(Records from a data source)

━━━━━━━━

(* Assume that $N\le p$. Then $(k[U_N])_{[e-1]}\subset k[U_N]_{<d}\subset(k[U_N])_{[(p-1)(d-1)]}$ provided that $e(N-1)<d$.
   Context: $k$ is an algebraically closed field of characteristic $p>0$; $k[\mathbb G_a]=k[T]$. $U_N\subset GL_N$ is the group of upper triangular unipotent $N\times N$ matrices, $k[U_N]=k[x_{i,j}:1\le i<j\le N]$, and $k[U_N]_{<d}$ is the subspace of polynomials of total degree $<d$ in the $x_{i,j}$. $U_N$ carries the structure of exponential type $\mathcal E_B(t)=\exp_B(t)=\sum_{n=0}^{p-1}(tB)^n/n!$ for strictly upper triangular $B$ with $B^p=0$. $(k[U_N])_{[d]}$ is the set of $f\in k[U_N]$ such that $\exp_B^*(f)\in k[T]$ has degree $\le d$ for all such $B$. *)

From HB Require Import structures.
From mathcomp Require Import all_boot all_order all_algebra.
From mathcomp Require Export mpoly.
Set Implicit Arguments. Unset Strict Implicit. Unset Printing Implicit Defensive.
Import Order.TTheory GRing.Theory Num.Theory.
Local Open Scope ring_scope.

(* k[U_N] is realised as the subring of {mpoly k[N*N]} (variables = the
   matrix entries x_{i,j}, indexed by mxvec_index i j) consisting of the
   polynomials that only involve the variables x_{i,j} with i < j. *)
Definition upper_var (N : nat) (v : 'I_(N * N)) : bool :=
  [exists i : 'I_N, exists j : 'I_N, (i < j)%N && (v == mxvec_index i j)].

Definition in_kUN (k : fieldType) (N : nat) (f : {mpoly k[N * N]}) : Prop :=
  forall (m : 'X_{1..N * N}) (v : 'I_(N * N)),
    m \in msupp f -> (0 < m v)%N -> upper_var v.

Definition strictly_upper (k : fieldType) (N : nat) (B : 'M[k]_N) : Prop :=
  forall i j : 'I_N, (j <= i)%N -> B i j = 0.

Definition expB (k : fieldType) (p N : nat) (B : 'M[k]_N) : 'M[{poly k}]_N :=
  \sum_(n < p) (('X ^+ n) * ((n`!)%:R^-1)%:P) *: map_mx polyC (B ^+ n).

(* exp_B^*(f) in k[T]: substitute x_{i,j} := (exp_B(t))_{i,j} *)
Definition pullback (k : fieldType) (p N : nat) (B : 'M[k]_N)
  (f : {mpoly k[N * N]}) : {poly k} :=
  mmap (@polyC k) (fun v : 'I_(N * N) => (mxvec (expB p B)) 0 v) f.

(* (k[U_N])_{[d]} for an integer d : f in k[U_N] with deg exp_B^*(f) <= d
   for all strictly upper triangular B with B^p = 0 (deg 0 = -oo, i.e.
   the zero polynomial satisfies every bound). *)
Definition in_Udeg (k : fieldType) (p N : nat) (d : int)
  (f : {mpoly k[N * N]}) : Prop :=
  in_kUN f /\
  forall B : 'M[k]_N, strictly_upper B -> B ^+ p = 0 ->
    ((size (pullback p B f))%:Z - 1 <= d)%R.

(* Let X be the generic strictly upper triangular N x N matrix. As N <= p,
   the truncated series exp and log are mutually inverse on strictly upper
   triangular matrices, since exp (log (1 + x)) = 1 + x modulo x^N follows
   from the differential equation (1 + x) F' = F, whose recursion only divides
   by integers smaller than p. Hence f in k[U_N] equals g o log with
   g := f o exp, where the entries of exp X and log X have degree at most
   p - 1 and N - 1. Restricting g to the line t |-> t B gives exp_B^*(f), and
   over an infinite field the degree of g is the maximal degree of these
   restrictions. So deg exp_B^*(f) <= e - 1 for all B bounds deg g by e - 1
   and deg f by (e - 1)(N - 1) < d, while deg f < d bounds every exp_B^*(f)
   by (d - 1)(p - 1). *)

From HB Require Import structures.
From mathcomp Require Import all_boot all_order all_algebra.
From mathcomp Require Import mpoly.
Import Order.TTheory GRing.Theory Num.Theory.
Set Implicit Arguments. Unset Strict Implicit. Unset Printing Implicit Defensive.
Local Open Scope ring_scope.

━━━━━━━━

- TASK: Print all of the data exactly as it was given.

- ANSWER TO THE PROBLEM:
(* Assume that $N\le p$. Then $(k[U_N])_{[e-1]}\subset k[U_N]_{<d}\subset(k[U_N])_{[(p-1)(d-1)]}$ provided that $e(N-1)<d$.
   Context: $k$ is an algebraically closed field of characteristic $p>0$; $k[\mathbb G_a]=k[T]$. $U_N\subset GL_N$ is the group of upper triangular unipotent $N\times N$ matrices, $k[U_N]=k[x_{i,j}:1\le i<j\le N]$, and $k[U_N]_{<d}$ is the subspace of polynomials of total degree $<d$ in the $x_{i,j}$. $U_N$ carries the structure of exponential type $\mathcal E_B(t)=\exp_B(t)=\sum_{n=0}^{p-1}(tB)^n/n!$ for strictly upper triangular $B$ with $B^p=0$. $(k[U_N])_{[d]}$ is the set of $f\in k[U_N]$ such that $\exp_B^*(f)\in k[T]$ has degree $\le d$ for all such $B$. *)

From HB Require Import structures.
From mathcomp Require Import all_boot all_order all_algebra.
From mathcomp Require Export mpoly.
Set Implicit Arguments. Unset Strict Implicit. Unset Printing Implicit Defensive.
Import Order.TTheory GRing.Theory Num.Theory.
Local Open Scope ring_scope.

(* k[U_N] is realised as the subring of {mpoly k[N*N]} (variables = the
   matrix entries x_{i,j}, indexed by mxvec_index i j) consisting of the
   polynomials that only involve the variables x_{i,j} with i < j. *)
Definition upper_var (N : nat) (v : 'I_(N * N)) : bool :=
  [exists i : 'I_N, exists j : 'I_N, (i < j)%N && (v == mxvec_index i j)].

Definition in_kUN (k : fieldType) (N : nat) (f : {mpoly k[N * N]}) : Prop :=
  forall (m : 'X_{1..N * N}) (v : 'I_(N * N)),
    m \in msupp f -> (0 < m v)%N -> upper_var v.

Definition strictly_upper (k : fieldType) (N : nat) (B : 'M[k]_N) : Prop :=
  forall i j : 'I_N, (j <= i)%N -> B i j = 0.

Definition expB (k : fieldType) (p N : nat) (B : 'M[k]_N) : 'M[{poly k}]_N :=
  \sum_(n < p) (('X ^+ n) * ((n`!)%:R^-1)%:P) *: map_mx polyC (B ^+ n).

(* exp_B^*(f) in k[T]: substitute x_{i,j} := (exp_B(t))_{i,j} *)
Definition pullback (k : fieldType) (p N : nat) (B : 'M[k]_N)
  (f : {mpoly k[N * N]}) : {poly k} :=
  mmap (@polyC k) (fun v : 'I_(N * N) => (mxvec (expB p B)) 0 v) f.

(* (k[U_N])_{[d]} for an integer d : f in k[U_N] with deg exp_B^*(f) <= d
   for all strictly upper triangular B with B^p = 0 (deg 0 = -oo, i.e.
   the zero polynomial satisfies every bound). *)
Definition in_Udeg (k : fieldType) (p N : nat) (d : int)
  (f : {mpoly k[N * N]}) : Prop :=
  in_kUN f /\
  forall B : 'M[k]_N, strictly_upper B -> B ^+ p = 0 ->
    ((size (pullback p B f))%:Z - 1 <= d)%R.

(* Let X be the generic strictly upper triangular N x N matrix. As N <= p,
   the truncated series exp and log are mutually inverse on strictly upper
   triangular matrices, since exp (log (1 + x)) = 1 + x modulo x^N follows
   from the differential equation (1 + x) F' = F, whose recursion only divides
   by integers smaller than p. Hence f in k[U_N] equals g o log with
   g := f o exp, where the entries of exp X and log X have degree at most
   p - 1 and N - 1. Restricting g to the line t |-> t B gives exp_B^*(f), and
   over an infinite field the degree of g is the maximal degree of these
   restrictions. So deg exp_B^*(f) <= e - 1 for all B bounds deg g by e - 1
   and deg f by (e - 1)(N - 1) < d, while deg f < d bounds every exp_B^*(f)
   by (d - 1)(p - 1). *)

From HB Require Import structures.
From mathcomp Require Import all_boot all_order all_algebra.
From mathcomp Require Import mpoly.
Import Order.TTheory GRing.Theory Num.Theory.
Set Implicit Arguments. Unset Strict Implicit. Unset Printing Implicit Defensive.
Local Open Scope ring_scope.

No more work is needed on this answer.